Great piece, Jonathan. I like the premature completion diagnosis. And the output manifest with bash verification is an interesting response. I want to push on a few assumptions in the piece:

Workflows are not fixed deterministic pipelines. A workflow defines required steps with verification at each transition. Within those steps, judgment happens freely. What determines advancement from step 1 to step 2 can itself involve judgment: did the output meet a quality bar, does this case require escalation. That's sequenced accountability with gates, not rigidity. The runbook's end-of-run verification checks final state. It cannot enforce that step A completed before step B consumed its output, or that evaluation at step 3 occurred before step 4 ran. A workflow enforces ordering and gate-passing as structural properties of execution. A runbook encodes them as instructions the agent may or may not follow.

While it's true that the bash verification script is not advisory in the way prose instructions are (deterministic check that validates file existence and schema correctness produces a hard pass/fail the agent cannot rationalize away), the question is what acts on the measurement. If the agent reads the result and decides what to do, you have a hard measurement inside an advisory enforcement loop. If the harness blocks delivery on failure, that's genuine enforcement. The remaining advisory surface is ordering and intermediate evaluation, which stay as prose the agent interprets. So the architecture is a hybrid: hard verification at the boundary, advisory governance over trajectory.

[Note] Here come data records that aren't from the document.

Definition gate_out (O : oracle) (vals : seq bool) (g : gate) : seq bool :=
  match g with
  | GBool f i j => [:: f (nth false vals i) (nth false vals j)]
  | GOracle N' ins =>
      let q := map (nth false vals) ins in
      [seq O N' (@decA N' q) (@decb N' q) i | i <- enum 'I_(N' * N')]
  end.

Definition eval_wires (O : oracle) (inp : seq bool) (gs : seq gate) : seq bool :=
  foldl (fun vals g => vals ++ gate_out O vals g) inp gs.

Definition gate_depth (ds : seq nat) (g : gate) : seq nat :=
  match g with
  | GBool _ i j => [:: (maxn (nth 0 ds i) (nth 0 ds j)).+1]
  | GOracle N' ins => nseq (N' * N') (\max_(i <- ins) nth 0 ds i).+1
  end.

Definition wire_depths (ninp : nat) (gs : seq gate) : seq nat :=
  foldl (fun ds g => ds ++ gate_depth ds g) (nseq ninp 0%N) gs.

Definition input_len (N : nat) (C : circuit) : nat := (n_of N * n_of N + n_of N + nrand C)%N.

Definition circuit_depth (N : nat) (C : circuit) : nat :=
  \max_(o <- outs C) nth 0 (wire_depths (input_len N C) (gates C)) o.

Definition gate_size (g : gate) : nat :=
  match g with GBool _ _ _ => 3 | GOracle _ ins => (size ins).+1 end.

Definition circuit_size (C : circuit) : nat :=
  (nrand C + \sum_(g <- gates C) gate_size g + size (outs C))%N.

Definition encode (N : nat) (A : adjmat N) (b : bitvec N) (r : seq bool) : seq bool :=
  [seq A u v | u <- enum 'I_(N * N), v <- enum 'I_(N * N)]
  ++ [seq b u | u <- enum 'I_(N * N)] ++ r.

Definition circ_output (C : circuit) (O : oracle) (inp : seq bool) : seq bool :=
  map (nth false (eval_wires O inp (gates C))) (outs C).

Definition circ_prob (N : nat) (C : circuit) (O : oracle) (A : adjmat N) (b z : bitvec N)
  : algC :=
  (#|[set r : (nrand C).-tuple bool |
        circ_output C O (encode A b r) == [seq z u | u <- enum 'I_(N * N)]]|)%:R
  / (2 ^ nrand C)%:R.

(* Over GF(2) put M = A + diag b. Expanding the graph state, the amplitude of
   outcome z is 2^-n sum_x w(x) (-1)^(z.x) for a phase w with
   w(x + y) = w(x) w(y) (-1)^(x.My), so the probability of z is
   2^-n sum_(y in ker M) w(y) (-1)^(z.y). On ker M the summand is a character,
   hence this sum is 0 or |ker M|, and it does not change under z |-> z + Mw.
   So one outcome s of nonzero probability determines the whole distribution:
   it is uniform on the coset s + im M. A RelHLF oracle provides such an s,
   and the circuit outputs s + Mr for uniformly random r; on a grid each bit of
   Mr depends on at most five products of input bits, whence constant depth. *)

From mathcomp Require Import all_boot all_order all_algebra all_field.
From mathcomp Require Import ring zify.
From Stdlib Require Import FunctionalExtensionality.
Import GRing.Theory Num.Theory.

Set Implicit Arguments.
Unset Strict Implicit.
Unset Printing Implicit Defensive.

Lemma prod_ord_pairs (R : comPzRingType) n (F : 'I_n -> 'I_n -> R) :
  (forall u, F u u = 1%R) ->
  (\prod_u \prod_v F u v = \prod_(u : 'I_n) \prod_(v : 'I_n | (u < v)%N) (F u v * F v u))%R.
Proof.
move=> F1.
have split_diag u : (\prod_v F u v =
    \prod_(v : 'I_n | (u < v)%N) F u v * \prod_(v : 'I_n | (v < u)%N) F u v)%R.
  rewrite (bigID (fun v : 'I_n => (u < v)%N)) /=; congr (_ * _)%R.
  rewrite (bigID (fun v : 'I_n => (v < u)%N)) /= [X in (_ * X)%R]big1 ?mulr1.
    by apply: eq_bigl => v; case: ltngtP.
  move=> v; rewrite -!leqNgt => /andP [vu uv].
  by rewrite (_ : v = u) ?F1 //; apply/val_inj/anti_leq; rewrite vu.
rewrite (eq_bigr _ (fun u _ => split_diag u)) big_split /=.
rewrite [X in (_ * X)%R](exchange_big_dep xpredT) //= -big_split /=.
by apply: eq_bigr => u _; rewrite big_split.
Qed.

Section QuadraticPhase.
Local Open Scope ring_scope.
Variables (n : nat) (A : 'I_n -> 'I_n -> bool) (b : 'I_n -> bool).
Hypothesis symA : forall u v, A u v = A v u.
Hypothesis irrA : forall u, A u u = false.

Local Notation bits := {ffun 'I_n -> bool}.

Definition xorv (x y : 'I_n -> bool) : bits := [ffun u => x u (+) y u].
Definition zerov : bits := [ffun => false].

That hybrid is well-suited to some kinds of work and less to others. Plenty of real institutional processes already use end-of-sequence verification: check completeness and quality at the end, don't prescribe intermediate ordering. But step-gated governance emerged as an institutional response to work with specific properties: known failure modes at transitions, volume that justified the overhead, auditability requirements demanding evidence of sequenced accountability. Organizations built procedural governance because certain work punished you for skipping steps in ways final-state checks couldn't catch. Even with identical agent capability, different work will demand different governance paradigms based on criticality, failure modes, and audit needs. Runbooks fit the first category well. Whether the form stretches to the second, or whether you end up reinventing orchestration, is the open question.

That raises the following question: what distinguishes a runbook from an orchestrated agent loop in LangGraph or Temporal? Built as an orchestrated graph, the same steps and evaluation criteria would get structural enforcement of ordering, separation of executor and evaluator, and deterministic gate logic. The runbook's advantage is portability: markdown works everywhere, no runtime dependency. The tradeoff is that trajectory governance stays advisory. The composable design is probably runbooks for judgment-heavy work where flexibility matters and final-state verification is sufficient, orchestration for work where enforcement has to be structural over the full execution path.